If the Obama administration really does think this is a catastrophe in the making and they can pin it on Republicans…there is no way they will cave.

That scenario would all but guarantee Obama’s re-election and provide the mother of all “never let a crisis go to waste” opportunities.

If the end result of a debt ceiling showdown is systemic crisis “solved” with massive wealth confiscation and re-distribution, then the cure is worse than the disease.

There is no way that a systemic crisis/collapse which is successfully pinned on the GOP, results in a public embracement of free market ideas and policies.
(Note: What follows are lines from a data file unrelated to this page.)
(* For $n\ge 1$ and all $k\ge 0$, $$P(n+1,k)=(n+1-k)S(n,k),$$ equivalently $P_{n+1}(x)=(n+1)S_n(x)-xS_n'(x)$. Furthermore, for $n\ge1$ and $0\le k\le\lfloor n/2\rfloor$, $$P(n+1,k)=\frac{(k+1)(n-k+1)}{n-k}P(n,k)+(n-2k+1)P(n,k-1).$$ In particular, $P(n,0)=n$ and $P(n,1)=(n-1)(2^{n-1}-n)$ for $n\ge 1$.
   Context: For a permutation $\pi$ of $[n]=\{1,\dots,n\}$, ${\rm des}(\pi)=\#\{i\in[n-1]:\pi(i)>\pi(i+1)\}$. A double descent is an index $i\in[n-2]$ with $\pi(i)>\pi(i+1)>\pi(i+2)$; $\pi$ is simsun if for every $k\in[n]$ the subword of $\pi$ consisting of the letters in $[k]$ (in order of appearance) has no double descents. Let $\mathcal{RS}_n$ be the set of simsun permutations of $[n]$, $S(n,k)=\#\{\pi\in\mathcal{RS}_n:{\rm des}(\pi)=k\}$, $S_n(x)=\sum_kS(n,k)x^k$. An interior peak of $\pi$ is an index $i\in\{2,\dots,n-1\}$ with $\pi(i-1)<\pi(i)>\pi(i+1)$; ${\rm pk}(\pi)$ is their number. Let $P(n,k)=\#\{\pi\in\mathcal{RS}_n:{\rm pk}(\pi)=k\}$ (with $P(n,-1)=0$) and $P_n(x)=\sum_kP(n,k)x^k$. *)

From mathcomp Require Import all_boot all_order all_algebra all_fingroup.
Set Implicit Arguments. Unset Strict Implicit. Unset Printing Implicit Defensive.
Import GRing.Theory Num.Theory.

(* A permutation pi of [n] is represented by p : {perm 'I_n}; its one-line
   word is [p 0; p 1; ...; p (n-1)] with values in {0,...,n-1}, i.e. the
   letter j+1 of [n] is encoded as j.  Order relations are unaffected. *)
Definition word n (p : {perm 'I_n}) : seq nat := [seq val (p i) | i <- enum 'I_n].

Definition des_seq (w : seq nat) : nat :=
  \sum_(0 <= i < (size w).-1) (nth 0 w i > nth 0 w i.+1).

Definition has_ddes (w : seq nat) : bool :=
  [exists i : 'I_(size w),
     (i.+2 < size w) && (nth 0 w i > nth 0 w i.+1) && (nth 0 w i.+1 > nth 0 w i.+2)].

Definition pk_seq (w : seq nat) : nat :=
  \sum_(1 <= i < (size w).-1) ((nth 0 w i.-1 < nth 0 w i) && (nth 0 w i > nth 0 w i.+1)).

(* simsun: for every k in [n], the subword of letters in [k] (encoded values < k)
   has no double descent *)
Definition simsun n (p : {perm 'I_n}) : bool :=
  [forall k : 'I_n.+1, ~~ has_ddes [seq x <- word p | x < k]].

Definition des n (p : {perm 'I_n}) : nat := des_seq (word p).
Definition pk n (p : {perm 'I_n}) : nat := pk_seq (word p).

Definition Snk (n k : nat) : nat := #|[set p : {perm 'I_n} | simsun p && (des p == k)]|.
Definition Pnk (n k : nat) : nat := #|[set p : {perm 'I_n} | simsun p && (pk p == k)]|.

Definition Pprev (n k : nat) : nat := if k is k'.+1 then Pnk n k' else 0.

(* Generating polynomials S_n(x), P_n(x) over int; des <= n-1, pk <= n so the
   truncations below lose no terms. *)
Definition Spoly (n : nat) : {poly int} := \poly_(k < n.+1) (Snk n k)%:R%R.
Definition Ppoly (n : nat) : {poly int} := \poly_(k < n.+1) (Pnk n k)%:R%R.

From mathcomp Require Import all_boot all_order all_algebra all_fingroup.
From mathcomp Require Import zify.
Import GRing.Theory Num.Theory.
Set Implicit Arguments. Unset Strict Implicit. Unset Printing Implicit Defensive.

(* Every permutation of [n+1] arises exactly once by inserting the largest
   letter into one of the n+1 slots of a permutation w of [n], and the result
   is simsun iff w is simsun and the slot does not immediately precede a
   descent of w.  If w is simsun with d descents, then d slots lie inside a
   descent and so does the last slot (descents unchanged), d slots precede a
   descent (forbidden), and the remaining n - 2d slots create a new descent:
   S(n+1,k) = (k+1) S(n,k) + (n-2k+2) S(n,k-1).
   In a word without double descents every descent other than an initial one
   starts at a peak, so P(n,k) = A(n,k) + B(n,k+1), where A and B count the
   simsun words with k descents starting with an ascent, resp. a descent.  The
   insertion count restricted to B shows by induction that B(n+1,k) is the
   second summand (n-2k+2) S(n,k-1) above, hence A(n+1,k) = (k+1) S(n,k) and
   P(n+1,k) = (k+1) S(n,k) + (n-2k) S(n,k) = (n+1-k) S(n,k). *)

Definition head_descent (w : seq nat) : bool :=
  if w is x :: y :: _ then y < x else false.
Which is why the GOP has to be careful of the “Too Much Too Soon” approach.   Even if the current system is already doomed to failure, time is needed to continue laying the political/philosophical groundwork to influence the aftermath. We all clamor for political leadership that is willing to sacrifice its re-election by doing the right thing, but if you sacrifice yourself before you have made a real difference, what is the point?

In his book Econoclast, author Brian Domitrovic describes how the Supply Side Revolution of 1980 was over two decades in the making.  Political change of the magnitude necessary to address our current fiscal concerns does not occur overnight.

The bad news is that the GOP doesn’t have another twenty years to ferment another revolution.   The good news is that it doesn’t need twenty years. What it has is seventeen months until November 2012.

Enough time to continue building the political capital necessary to enact reform and more importantly, sustain the pain that will surely follow.

The current debt ceiling showdown is a battle, the 2012 election is the war.  It would behoove the GOP to hold fire until further reinforcements arrive.